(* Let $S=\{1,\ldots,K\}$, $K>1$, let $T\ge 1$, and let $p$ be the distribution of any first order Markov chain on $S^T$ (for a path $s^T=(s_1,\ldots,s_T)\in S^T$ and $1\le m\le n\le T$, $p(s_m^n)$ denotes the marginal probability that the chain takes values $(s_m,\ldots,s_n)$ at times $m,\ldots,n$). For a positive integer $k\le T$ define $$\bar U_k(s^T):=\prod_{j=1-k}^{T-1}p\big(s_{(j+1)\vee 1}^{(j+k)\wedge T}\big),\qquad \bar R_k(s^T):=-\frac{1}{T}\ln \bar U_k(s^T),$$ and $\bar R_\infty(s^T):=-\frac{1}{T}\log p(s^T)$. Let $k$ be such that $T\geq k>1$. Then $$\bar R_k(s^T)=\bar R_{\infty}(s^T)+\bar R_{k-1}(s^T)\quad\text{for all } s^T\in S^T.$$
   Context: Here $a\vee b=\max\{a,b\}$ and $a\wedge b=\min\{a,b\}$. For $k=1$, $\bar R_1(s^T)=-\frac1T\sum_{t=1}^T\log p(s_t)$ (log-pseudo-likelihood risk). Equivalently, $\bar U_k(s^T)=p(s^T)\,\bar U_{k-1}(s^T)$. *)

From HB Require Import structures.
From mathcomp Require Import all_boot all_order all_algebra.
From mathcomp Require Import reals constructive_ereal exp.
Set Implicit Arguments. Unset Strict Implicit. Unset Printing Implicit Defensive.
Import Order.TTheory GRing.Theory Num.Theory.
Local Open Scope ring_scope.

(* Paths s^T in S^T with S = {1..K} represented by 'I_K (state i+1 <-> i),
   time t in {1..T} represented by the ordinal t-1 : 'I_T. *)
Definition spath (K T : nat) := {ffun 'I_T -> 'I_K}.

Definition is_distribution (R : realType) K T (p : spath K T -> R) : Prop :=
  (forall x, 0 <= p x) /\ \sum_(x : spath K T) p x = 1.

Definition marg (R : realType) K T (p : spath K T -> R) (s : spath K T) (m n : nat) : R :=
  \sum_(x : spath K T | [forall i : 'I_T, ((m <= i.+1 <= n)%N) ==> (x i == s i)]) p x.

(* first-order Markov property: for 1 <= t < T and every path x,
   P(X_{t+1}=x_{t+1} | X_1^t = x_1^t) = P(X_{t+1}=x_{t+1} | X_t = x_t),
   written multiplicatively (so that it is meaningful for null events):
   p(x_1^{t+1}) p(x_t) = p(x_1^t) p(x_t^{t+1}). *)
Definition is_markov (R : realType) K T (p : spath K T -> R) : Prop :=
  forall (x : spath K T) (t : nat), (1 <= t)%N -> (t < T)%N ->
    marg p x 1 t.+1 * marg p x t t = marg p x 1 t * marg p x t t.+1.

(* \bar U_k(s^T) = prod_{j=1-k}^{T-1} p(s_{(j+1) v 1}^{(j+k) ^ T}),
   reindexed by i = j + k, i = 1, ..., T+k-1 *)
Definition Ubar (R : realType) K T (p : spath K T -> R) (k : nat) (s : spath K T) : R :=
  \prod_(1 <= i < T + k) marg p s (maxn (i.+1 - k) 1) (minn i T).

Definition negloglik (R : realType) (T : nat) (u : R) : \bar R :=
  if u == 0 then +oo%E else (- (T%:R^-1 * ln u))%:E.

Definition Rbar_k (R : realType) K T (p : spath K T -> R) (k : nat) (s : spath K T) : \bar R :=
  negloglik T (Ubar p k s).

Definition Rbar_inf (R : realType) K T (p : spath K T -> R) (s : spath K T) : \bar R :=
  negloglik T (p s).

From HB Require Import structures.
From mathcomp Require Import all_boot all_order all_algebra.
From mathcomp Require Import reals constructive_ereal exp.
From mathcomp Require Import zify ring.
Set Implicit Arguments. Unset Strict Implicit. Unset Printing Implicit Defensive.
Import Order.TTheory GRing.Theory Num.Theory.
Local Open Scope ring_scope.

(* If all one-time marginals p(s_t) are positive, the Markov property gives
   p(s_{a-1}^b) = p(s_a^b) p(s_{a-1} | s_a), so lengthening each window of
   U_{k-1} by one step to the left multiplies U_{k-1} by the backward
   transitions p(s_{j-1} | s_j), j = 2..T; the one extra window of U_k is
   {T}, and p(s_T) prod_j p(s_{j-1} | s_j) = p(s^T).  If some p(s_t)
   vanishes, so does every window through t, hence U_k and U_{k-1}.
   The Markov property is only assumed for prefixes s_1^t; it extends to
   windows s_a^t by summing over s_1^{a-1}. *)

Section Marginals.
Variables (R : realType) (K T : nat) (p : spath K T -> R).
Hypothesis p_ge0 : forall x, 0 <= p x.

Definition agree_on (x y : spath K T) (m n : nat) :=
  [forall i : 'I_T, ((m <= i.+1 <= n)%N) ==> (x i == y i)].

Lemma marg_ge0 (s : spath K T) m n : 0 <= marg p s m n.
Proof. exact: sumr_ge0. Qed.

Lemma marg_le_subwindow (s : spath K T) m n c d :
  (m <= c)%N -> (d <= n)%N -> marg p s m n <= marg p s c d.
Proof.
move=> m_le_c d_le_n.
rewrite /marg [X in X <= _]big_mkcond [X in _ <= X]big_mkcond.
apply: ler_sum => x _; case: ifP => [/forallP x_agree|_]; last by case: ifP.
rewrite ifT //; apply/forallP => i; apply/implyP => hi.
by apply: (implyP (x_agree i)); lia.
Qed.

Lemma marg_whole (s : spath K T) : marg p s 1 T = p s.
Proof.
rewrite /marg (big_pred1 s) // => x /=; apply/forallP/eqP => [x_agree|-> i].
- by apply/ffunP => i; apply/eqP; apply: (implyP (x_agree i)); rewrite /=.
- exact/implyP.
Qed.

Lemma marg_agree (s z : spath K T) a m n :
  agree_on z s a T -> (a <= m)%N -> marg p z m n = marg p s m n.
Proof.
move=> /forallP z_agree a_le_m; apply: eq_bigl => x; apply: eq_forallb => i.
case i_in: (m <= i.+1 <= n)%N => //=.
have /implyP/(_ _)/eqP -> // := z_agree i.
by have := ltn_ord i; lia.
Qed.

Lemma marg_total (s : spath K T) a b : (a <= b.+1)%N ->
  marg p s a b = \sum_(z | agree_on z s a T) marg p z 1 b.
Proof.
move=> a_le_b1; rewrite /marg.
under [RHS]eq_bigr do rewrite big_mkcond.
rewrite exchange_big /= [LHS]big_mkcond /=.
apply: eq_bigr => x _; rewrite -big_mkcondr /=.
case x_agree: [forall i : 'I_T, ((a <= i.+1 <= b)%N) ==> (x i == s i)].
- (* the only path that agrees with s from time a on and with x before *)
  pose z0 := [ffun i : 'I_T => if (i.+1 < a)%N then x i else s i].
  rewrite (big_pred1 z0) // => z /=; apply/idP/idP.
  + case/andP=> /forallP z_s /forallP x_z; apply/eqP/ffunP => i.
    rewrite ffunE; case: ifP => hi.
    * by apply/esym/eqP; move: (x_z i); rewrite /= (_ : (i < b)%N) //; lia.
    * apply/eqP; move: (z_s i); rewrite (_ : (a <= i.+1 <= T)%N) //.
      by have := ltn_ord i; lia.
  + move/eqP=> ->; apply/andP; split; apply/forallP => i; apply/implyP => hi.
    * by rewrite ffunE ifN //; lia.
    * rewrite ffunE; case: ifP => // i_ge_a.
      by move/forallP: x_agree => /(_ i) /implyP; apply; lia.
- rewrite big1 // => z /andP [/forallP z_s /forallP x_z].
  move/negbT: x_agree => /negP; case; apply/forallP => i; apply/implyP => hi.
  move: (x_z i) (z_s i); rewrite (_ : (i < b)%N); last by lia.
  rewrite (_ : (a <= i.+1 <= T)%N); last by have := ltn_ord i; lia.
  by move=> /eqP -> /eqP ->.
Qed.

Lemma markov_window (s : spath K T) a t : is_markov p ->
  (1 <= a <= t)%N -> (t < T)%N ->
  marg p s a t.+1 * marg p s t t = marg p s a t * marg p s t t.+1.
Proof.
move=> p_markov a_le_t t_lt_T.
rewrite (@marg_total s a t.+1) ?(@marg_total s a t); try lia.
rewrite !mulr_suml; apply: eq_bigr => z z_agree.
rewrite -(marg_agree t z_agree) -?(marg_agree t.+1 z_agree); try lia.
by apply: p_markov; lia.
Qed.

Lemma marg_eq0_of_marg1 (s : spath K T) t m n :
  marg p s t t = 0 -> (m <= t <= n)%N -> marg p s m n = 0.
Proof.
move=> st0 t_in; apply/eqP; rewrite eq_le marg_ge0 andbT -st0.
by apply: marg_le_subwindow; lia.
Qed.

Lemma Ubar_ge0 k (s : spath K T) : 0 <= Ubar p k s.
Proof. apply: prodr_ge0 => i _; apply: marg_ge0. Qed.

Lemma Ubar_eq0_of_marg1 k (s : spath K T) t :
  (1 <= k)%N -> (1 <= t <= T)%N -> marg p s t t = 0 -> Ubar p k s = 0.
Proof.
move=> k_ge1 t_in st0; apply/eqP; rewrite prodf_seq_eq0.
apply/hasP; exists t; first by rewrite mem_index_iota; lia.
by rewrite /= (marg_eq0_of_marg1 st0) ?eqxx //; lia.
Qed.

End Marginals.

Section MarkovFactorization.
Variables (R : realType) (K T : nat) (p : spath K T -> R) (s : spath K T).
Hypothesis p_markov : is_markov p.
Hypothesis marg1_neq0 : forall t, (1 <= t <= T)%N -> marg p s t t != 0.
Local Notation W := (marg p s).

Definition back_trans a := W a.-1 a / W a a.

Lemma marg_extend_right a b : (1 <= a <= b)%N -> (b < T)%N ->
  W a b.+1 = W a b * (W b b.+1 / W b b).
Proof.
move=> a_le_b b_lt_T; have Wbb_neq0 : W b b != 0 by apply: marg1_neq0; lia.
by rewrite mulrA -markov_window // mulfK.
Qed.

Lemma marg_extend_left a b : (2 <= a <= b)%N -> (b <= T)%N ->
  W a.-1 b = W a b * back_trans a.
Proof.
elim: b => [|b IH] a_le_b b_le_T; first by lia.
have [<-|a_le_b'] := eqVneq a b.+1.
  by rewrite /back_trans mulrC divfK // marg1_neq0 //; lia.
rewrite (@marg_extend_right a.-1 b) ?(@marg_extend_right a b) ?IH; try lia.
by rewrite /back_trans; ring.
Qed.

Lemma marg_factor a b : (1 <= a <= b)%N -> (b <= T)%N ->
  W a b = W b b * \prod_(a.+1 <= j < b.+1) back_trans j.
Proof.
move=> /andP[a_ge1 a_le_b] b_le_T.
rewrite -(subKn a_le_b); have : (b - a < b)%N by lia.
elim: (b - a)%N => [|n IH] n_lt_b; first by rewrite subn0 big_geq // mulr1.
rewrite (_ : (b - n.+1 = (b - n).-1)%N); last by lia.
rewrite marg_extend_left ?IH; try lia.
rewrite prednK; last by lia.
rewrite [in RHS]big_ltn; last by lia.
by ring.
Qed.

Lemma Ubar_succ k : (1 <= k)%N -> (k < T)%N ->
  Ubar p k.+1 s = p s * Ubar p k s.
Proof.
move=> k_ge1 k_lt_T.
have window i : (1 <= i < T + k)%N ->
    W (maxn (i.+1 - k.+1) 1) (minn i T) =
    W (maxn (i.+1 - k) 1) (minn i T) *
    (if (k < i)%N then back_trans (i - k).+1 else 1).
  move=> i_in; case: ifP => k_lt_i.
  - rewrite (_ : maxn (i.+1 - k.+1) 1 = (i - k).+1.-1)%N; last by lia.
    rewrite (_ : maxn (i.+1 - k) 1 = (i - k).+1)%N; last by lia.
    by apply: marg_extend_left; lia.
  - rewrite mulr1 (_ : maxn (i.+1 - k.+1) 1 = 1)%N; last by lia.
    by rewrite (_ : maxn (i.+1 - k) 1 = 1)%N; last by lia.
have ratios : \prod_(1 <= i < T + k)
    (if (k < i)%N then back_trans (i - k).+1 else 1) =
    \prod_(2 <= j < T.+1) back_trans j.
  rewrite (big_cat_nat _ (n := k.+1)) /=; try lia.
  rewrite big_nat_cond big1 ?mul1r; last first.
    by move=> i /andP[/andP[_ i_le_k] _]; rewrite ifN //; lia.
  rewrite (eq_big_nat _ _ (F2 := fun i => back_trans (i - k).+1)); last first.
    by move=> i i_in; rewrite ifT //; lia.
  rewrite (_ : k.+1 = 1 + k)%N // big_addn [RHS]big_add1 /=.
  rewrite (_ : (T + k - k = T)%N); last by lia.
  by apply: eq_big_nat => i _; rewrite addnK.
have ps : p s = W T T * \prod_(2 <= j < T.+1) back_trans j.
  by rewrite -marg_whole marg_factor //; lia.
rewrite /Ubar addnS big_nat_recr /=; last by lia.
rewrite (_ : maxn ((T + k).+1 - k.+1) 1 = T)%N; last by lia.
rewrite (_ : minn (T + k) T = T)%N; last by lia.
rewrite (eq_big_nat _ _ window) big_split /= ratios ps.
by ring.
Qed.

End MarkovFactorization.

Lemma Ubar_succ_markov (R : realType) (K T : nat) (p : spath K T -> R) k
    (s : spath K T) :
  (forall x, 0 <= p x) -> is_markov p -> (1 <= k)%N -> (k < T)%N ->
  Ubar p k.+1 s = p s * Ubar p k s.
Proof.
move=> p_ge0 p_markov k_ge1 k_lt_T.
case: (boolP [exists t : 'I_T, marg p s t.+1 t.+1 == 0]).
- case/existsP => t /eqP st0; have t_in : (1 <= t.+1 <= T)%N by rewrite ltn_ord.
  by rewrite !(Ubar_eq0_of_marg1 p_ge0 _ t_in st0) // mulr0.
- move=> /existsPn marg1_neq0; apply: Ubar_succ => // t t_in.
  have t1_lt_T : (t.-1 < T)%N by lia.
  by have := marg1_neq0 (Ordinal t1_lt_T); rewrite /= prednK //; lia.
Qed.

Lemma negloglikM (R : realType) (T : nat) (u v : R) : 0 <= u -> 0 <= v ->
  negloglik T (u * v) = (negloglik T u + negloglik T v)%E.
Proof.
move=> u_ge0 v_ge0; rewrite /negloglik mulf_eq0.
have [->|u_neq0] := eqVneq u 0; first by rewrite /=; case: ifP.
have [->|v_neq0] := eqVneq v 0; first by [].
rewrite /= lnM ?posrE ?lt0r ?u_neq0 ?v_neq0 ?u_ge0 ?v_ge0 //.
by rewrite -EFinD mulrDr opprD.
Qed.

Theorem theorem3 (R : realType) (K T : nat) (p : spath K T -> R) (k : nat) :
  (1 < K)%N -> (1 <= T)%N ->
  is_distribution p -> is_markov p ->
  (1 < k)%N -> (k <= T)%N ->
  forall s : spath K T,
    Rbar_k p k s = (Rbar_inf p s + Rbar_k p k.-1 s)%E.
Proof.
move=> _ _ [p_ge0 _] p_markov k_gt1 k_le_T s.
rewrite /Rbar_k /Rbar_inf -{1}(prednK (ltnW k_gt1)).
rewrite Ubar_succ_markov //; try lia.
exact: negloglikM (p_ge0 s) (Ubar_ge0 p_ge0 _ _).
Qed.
==============================
▶ [Your goal]:
As the answer, set down only the lines from the data above between the one holding "Lemma Ubar_ge0 k" and the one holding "Section MarkovFactorization.", inclusive, exactly as they read.

▶ [Solution to this exercise]:
Lemma Ubar_ge0 k (s : spath K T) : 0 <= Ubar p k s.
Proof. apply: prodr_ge0 => i _; apply: marg_ge0. Qed.

Lemma Ubar_eq0_of_marg1 k (s : spath K T) t :
  (1 <= k)%N -> (1 <= t <= T)%N -> marg p s t t = 0 -> Ubar p k s = 0.
Proof.
move=> k_ge1 t_in st0; apply/eqP; rewrite prodf_seq_eq0.
apply/hasP; exists t; first by rewrite mem_index_iota; lia.
by rewrite /= (marg_eq0_of_marg1 st0) ?eqxx //; lia.
Qed.

End Marginals.

Section MarkovFactorization.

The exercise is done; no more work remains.